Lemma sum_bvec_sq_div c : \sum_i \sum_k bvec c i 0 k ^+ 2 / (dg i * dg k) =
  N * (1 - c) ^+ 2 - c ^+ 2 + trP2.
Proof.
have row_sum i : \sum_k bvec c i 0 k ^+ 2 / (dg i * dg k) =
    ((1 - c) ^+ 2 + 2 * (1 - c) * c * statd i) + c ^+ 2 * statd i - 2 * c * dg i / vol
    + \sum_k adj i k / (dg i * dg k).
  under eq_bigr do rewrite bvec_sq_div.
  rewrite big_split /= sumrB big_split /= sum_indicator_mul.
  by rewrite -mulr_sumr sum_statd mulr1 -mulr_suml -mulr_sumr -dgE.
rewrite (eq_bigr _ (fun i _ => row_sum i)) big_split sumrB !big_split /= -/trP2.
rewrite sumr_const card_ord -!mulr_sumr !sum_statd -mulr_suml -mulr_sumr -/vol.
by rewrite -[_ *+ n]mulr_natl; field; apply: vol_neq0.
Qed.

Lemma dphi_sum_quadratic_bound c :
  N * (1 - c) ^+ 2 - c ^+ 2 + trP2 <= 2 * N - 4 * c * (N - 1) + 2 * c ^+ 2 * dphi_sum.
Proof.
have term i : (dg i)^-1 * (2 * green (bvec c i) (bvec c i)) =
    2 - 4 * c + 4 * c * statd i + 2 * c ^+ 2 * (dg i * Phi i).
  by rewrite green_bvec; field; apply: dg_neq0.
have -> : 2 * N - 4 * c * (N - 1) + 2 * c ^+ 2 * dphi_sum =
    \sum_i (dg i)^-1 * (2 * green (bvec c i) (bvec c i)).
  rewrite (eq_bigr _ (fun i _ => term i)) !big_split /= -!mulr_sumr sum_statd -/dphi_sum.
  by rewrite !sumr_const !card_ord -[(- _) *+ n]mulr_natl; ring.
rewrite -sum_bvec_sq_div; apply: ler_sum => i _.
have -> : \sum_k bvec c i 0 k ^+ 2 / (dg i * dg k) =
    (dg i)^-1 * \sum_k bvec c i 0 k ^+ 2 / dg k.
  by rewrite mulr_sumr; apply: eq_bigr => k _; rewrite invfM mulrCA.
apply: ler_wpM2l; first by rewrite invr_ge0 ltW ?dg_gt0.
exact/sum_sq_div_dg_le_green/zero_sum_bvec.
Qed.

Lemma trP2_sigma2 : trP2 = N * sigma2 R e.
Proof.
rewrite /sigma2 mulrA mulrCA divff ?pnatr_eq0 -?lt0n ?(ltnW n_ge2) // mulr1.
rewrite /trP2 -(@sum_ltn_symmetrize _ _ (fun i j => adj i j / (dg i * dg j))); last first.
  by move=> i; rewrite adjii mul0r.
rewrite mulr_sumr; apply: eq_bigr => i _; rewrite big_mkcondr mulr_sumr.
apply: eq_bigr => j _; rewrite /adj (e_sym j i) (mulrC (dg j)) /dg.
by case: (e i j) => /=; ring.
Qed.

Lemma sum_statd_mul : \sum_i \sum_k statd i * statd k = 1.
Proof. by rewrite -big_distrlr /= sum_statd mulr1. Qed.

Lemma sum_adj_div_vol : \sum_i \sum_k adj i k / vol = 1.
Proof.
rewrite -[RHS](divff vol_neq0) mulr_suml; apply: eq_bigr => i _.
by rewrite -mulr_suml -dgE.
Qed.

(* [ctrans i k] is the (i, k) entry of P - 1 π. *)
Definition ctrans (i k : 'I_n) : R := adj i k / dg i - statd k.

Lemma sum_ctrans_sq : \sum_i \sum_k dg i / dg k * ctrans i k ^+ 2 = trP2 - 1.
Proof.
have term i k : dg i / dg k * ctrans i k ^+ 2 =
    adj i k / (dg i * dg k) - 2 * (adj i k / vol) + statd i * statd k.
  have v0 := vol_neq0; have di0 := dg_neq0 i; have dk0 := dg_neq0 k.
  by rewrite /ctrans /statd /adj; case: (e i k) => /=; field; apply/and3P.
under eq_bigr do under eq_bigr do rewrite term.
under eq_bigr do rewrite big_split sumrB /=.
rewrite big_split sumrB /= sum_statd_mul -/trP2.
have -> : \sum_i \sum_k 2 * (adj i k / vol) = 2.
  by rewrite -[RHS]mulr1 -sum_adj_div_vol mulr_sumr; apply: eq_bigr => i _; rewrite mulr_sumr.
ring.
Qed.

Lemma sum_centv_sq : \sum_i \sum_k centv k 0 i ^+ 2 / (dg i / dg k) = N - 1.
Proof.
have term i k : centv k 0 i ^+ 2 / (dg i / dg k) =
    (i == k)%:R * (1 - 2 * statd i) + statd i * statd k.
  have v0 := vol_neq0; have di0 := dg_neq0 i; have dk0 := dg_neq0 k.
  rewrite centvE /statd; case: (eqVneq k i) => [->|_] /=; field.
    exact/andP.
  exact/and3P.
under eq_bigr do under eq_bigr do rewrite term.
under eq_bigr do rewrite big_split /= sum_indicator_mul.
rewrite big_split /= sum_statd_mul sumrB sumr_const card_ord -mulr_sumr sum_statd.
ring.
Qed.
--
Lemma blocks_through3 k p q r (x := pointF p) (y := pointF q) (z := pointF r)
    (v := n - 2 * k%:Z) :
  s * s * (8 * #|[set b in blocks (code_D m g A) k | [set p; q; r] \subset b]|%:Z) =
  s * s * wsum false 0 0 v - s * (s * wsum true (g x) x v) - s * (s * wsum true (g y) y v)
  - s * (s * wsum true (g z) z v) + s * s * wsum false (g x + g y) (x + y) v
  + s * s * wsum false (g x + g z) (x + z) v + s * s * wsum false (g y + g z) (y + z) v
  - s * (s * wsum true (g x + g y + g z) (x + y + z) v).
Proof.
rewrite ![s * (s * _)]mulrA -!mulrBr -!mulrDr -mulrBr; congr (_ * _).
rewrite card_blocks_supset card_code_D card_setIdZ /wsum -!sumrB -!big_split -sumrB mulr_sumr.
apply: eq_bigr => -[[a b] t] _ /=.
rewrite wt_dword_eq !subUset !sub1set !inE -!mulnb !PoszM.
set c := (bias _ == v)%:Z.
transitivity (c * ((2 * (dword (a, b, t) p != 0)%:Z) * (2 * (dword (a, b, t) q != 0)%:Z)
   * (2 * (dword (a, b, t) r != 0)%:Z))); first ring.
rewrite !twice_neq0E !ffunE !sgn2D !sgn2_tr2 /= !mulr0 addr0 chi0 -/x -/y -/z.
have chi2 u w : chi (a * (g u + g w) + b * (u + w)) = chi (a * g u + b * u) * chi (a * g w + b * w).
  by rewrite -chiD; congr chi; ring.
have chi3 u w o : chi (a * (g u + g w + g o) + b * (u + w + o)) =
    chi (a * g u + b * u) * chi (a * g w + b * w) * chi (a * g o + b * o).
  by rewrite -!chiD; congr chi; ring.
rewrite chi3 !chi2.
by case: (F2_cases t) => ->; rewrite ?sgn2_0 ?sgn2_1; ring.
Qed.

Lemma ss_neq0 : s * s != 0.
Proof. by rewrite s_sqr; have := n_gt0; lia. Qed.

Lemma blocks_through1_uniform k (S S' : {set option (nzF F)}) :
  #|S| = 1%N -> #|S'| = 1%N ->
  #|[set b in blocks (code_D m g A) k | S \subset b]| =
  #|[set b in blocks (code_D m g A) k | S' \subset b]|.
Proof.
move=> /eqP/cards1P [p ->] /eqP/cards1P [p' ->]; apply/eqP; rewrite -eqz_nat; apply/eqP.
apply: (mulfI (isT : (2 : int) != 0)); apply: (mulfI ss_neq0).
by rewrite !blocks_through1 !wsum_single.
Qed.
...
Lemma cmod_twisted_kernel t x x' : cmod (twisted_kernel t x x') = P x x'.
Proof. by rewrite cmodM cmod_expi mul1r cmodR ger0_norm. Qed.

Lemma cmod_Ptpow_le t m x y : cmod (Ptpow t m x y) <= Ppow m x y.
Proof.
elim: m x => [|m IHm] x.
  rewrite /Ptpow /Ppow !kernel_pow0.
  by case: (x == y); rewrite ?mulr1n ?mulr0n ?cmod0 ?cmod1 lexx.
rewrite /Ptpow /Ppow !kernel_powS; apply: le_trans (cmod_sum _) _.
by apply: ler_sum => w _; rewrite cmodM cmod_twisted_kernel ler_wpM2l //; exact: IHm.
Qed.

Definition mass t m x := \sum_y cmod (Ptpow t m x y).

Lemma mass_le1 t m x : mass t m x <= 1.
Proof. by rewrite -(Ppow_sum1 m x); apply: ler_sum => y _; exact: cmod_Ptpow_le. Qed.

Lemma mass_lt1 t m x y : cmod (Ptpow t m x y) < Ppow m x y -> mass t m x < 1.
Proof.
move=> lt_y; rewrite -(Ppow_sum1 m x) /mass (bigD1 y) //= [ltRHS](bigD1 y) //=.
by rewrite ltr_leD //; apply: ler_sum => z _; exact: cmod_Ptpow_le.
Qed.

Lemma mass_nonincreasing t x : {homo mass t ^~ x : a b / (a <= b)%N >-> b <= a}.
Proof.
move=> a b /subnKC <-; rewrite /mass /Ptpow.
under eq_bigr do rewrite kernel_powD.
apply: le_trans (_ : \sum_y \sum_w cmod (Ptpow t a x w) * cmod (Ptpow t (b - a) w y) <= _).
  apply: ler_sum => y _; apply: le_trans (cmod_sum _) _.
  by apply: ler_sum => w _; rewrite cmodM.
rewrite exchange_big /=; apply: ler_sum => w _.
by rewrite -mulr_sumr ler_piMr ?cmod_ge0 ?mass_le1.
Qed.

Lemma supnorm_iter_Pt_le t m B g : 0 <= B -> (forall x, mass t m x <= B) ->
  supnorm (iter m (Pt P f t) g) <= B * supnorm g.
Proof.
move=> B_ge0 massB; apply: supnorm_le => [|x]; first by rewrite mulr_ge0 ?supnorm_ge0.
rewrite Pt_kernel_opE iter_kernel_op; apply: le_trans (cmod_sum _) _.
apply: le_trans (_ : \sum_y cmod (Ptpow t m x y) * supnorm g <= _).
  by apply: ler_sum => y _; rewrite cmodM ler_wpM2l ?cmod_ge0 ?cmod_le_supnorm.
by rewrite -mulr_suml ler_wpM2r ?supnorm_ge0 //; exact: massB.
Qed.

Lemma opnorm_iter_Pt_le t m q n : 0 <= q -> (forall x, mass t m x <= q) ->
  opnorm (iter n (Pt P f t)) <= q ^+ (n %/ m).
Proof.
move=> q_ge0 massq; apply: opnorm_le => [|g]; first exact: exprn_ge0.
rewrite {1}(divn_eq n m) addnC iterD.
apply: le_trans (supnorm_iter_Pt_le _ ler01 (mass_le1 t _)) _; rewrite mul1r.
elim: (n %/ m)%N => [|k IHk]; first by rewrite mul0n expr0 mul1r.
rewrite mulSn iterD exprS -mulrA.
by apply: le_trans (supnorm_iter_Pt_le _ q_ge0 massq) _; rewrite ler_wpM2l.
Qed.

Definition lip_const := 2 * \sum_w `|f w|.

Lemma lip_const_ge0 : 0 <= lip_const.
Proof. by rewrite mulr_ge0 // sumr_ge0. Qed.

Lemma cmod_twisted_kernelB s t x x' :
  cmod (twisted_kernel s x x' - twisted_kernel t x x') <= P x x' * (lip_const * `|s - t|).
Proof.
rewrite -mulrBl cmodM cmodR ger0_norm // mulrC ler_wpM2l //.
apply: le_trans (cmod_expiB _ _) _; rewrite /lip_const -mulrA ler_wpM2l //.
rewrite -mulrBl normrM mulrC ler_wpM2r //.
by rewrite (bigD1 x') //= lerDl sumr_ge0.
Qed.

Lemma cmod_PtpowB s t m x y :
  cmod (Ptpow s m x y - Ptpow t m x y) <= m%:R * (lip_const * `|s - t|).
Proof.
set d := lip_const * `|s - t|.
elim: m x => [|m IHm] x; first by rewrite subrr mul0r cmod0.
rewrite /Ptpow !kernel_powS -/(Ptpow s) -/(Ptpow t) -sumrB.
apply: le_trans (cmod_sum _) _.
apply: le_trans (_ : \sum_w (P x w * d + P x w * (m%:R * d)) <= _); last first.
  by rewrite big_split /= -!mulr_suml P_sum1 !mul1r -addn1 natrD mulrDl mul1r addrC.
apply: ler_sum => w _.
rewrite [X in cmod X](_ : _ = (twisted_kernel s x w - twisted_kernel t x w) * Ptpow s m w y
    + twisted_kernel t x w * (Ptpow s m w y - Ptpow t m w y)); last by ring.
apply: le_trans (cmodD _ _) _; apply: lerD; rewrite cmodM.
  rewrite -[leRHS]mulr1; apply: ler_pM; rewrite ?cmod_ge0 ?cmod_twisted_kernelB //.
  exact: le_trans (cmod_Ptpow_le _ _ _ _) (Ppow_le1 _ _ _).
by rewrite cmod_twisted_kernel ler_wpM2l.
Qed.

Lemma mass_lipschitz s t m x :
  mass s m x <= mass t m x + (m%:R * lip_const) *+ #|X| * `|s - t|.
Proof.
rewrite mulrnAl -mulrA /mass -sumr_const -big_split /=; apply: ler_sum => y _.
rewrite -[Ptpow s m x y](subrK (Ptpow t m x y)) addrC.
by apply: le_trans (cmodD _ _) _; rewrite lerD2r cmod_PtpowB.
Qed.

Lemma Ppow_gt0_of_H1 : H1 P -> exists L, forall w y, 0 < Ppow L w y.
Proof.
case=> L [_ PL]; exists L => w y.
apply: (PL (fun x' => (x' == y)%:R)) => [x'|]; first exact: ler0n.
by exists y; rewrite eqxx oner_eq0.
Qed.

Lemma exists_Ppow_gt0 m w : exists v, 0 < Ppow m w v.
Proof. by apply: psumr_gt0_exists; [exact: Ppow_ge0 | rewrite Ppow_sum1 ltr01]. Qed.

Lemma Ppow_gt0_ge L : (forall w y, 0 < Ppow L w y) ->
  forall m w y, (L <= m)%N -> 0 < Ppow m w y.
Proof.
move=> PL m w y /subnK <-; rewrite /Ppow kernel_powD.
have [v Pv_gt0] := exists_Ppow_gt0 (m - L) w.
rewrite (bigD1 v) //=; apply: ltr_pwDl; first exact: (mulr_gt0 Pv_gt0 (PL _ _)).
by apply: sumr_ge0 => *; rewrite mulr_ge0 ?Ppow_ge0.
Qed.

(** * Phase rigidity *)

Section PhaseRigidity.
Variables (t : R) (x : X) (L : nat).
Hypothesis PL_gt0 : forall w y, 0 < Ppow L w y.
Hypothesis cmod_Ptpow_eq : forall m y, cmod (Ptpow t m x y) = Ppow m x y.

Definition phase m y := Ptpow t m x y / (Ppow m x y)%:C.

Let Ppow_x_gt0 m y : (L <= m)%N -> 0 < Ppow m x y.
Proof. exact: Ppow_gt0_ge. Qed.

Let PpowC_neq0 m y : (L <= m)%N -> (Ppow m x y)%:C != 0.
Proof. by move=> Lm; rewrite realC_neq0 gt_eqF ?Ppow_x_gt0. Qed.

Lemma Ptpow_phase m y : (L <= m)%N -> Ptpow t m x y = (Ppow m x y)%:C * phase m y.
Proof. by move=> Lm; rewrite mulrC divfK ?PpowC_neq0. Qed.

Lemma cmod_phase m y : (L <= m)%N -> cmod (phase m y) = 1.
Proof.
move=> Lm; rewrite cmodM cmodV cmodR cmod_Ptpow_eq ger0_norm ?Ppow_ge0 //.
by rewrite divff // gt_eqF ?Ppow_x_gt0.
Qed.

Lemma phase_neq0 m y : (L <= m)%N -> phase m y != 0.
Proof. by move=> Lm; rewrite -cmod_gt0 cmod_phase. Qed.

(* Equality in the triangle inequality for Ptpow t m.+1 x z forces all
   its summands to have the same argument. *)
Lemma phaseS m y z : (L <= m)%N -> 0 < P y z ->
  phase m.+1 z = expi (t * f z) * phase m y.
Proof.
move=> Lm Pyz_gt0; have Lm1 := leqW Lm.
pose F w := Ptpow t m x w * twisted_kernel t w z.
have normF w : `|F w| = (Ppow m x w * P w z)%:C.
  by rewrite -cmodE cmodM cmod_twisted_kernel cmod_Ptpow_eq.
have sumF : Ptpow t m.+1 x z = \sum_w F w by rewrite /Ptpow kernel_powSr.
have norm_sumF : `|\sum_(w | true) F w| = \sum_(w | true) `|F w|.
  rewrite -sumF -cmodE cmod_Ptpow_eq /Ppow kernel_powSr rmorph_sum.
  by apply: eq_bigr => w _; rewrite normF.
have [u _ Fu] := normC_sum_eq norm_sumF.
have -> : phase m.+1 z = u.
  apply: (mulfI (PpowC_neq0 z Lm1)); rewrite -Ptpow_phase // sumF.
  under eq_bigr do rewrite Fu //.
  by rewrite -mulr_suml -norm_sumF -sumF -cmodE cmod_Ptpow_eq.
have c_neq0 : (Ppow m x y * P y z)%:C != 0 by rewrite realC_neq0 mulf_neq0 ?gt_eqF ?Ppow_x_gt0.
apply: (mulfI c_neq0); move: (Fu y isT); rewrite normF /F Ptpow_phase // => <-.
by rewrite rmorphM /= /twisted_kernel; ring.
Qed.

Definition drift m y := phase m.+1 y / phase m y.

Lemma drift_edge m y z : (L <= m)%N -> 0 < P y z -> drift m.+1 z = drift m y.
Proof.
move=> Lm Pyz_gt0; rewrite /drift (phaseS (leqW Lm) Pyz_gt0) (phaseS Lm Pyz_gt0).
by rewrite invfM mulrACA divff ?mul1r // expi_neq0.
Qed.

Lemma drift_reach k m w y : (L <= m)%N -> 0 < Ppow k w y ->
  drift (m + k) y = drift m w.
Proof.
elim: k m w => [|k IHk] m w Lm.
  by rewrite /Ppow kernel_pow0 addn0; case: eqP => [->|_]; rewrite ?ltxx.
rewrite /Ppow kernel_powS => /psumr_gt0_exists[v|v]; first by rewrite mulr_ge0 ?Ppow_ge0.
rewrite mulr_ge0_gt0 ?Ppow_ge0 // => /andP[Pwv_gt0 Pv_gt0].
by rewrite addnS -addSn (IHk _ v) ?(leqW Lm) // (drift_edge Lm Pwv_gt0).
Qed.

> [Your task]
Read through the entries above, and wherever a line holds the string "andP", copy it.

> [Problem solution]
    exact/andP.
rewrite mulr_ge0_gt0 ?Ppow_ge0 // => /andP[Pwv_gt0 Pv_gt0].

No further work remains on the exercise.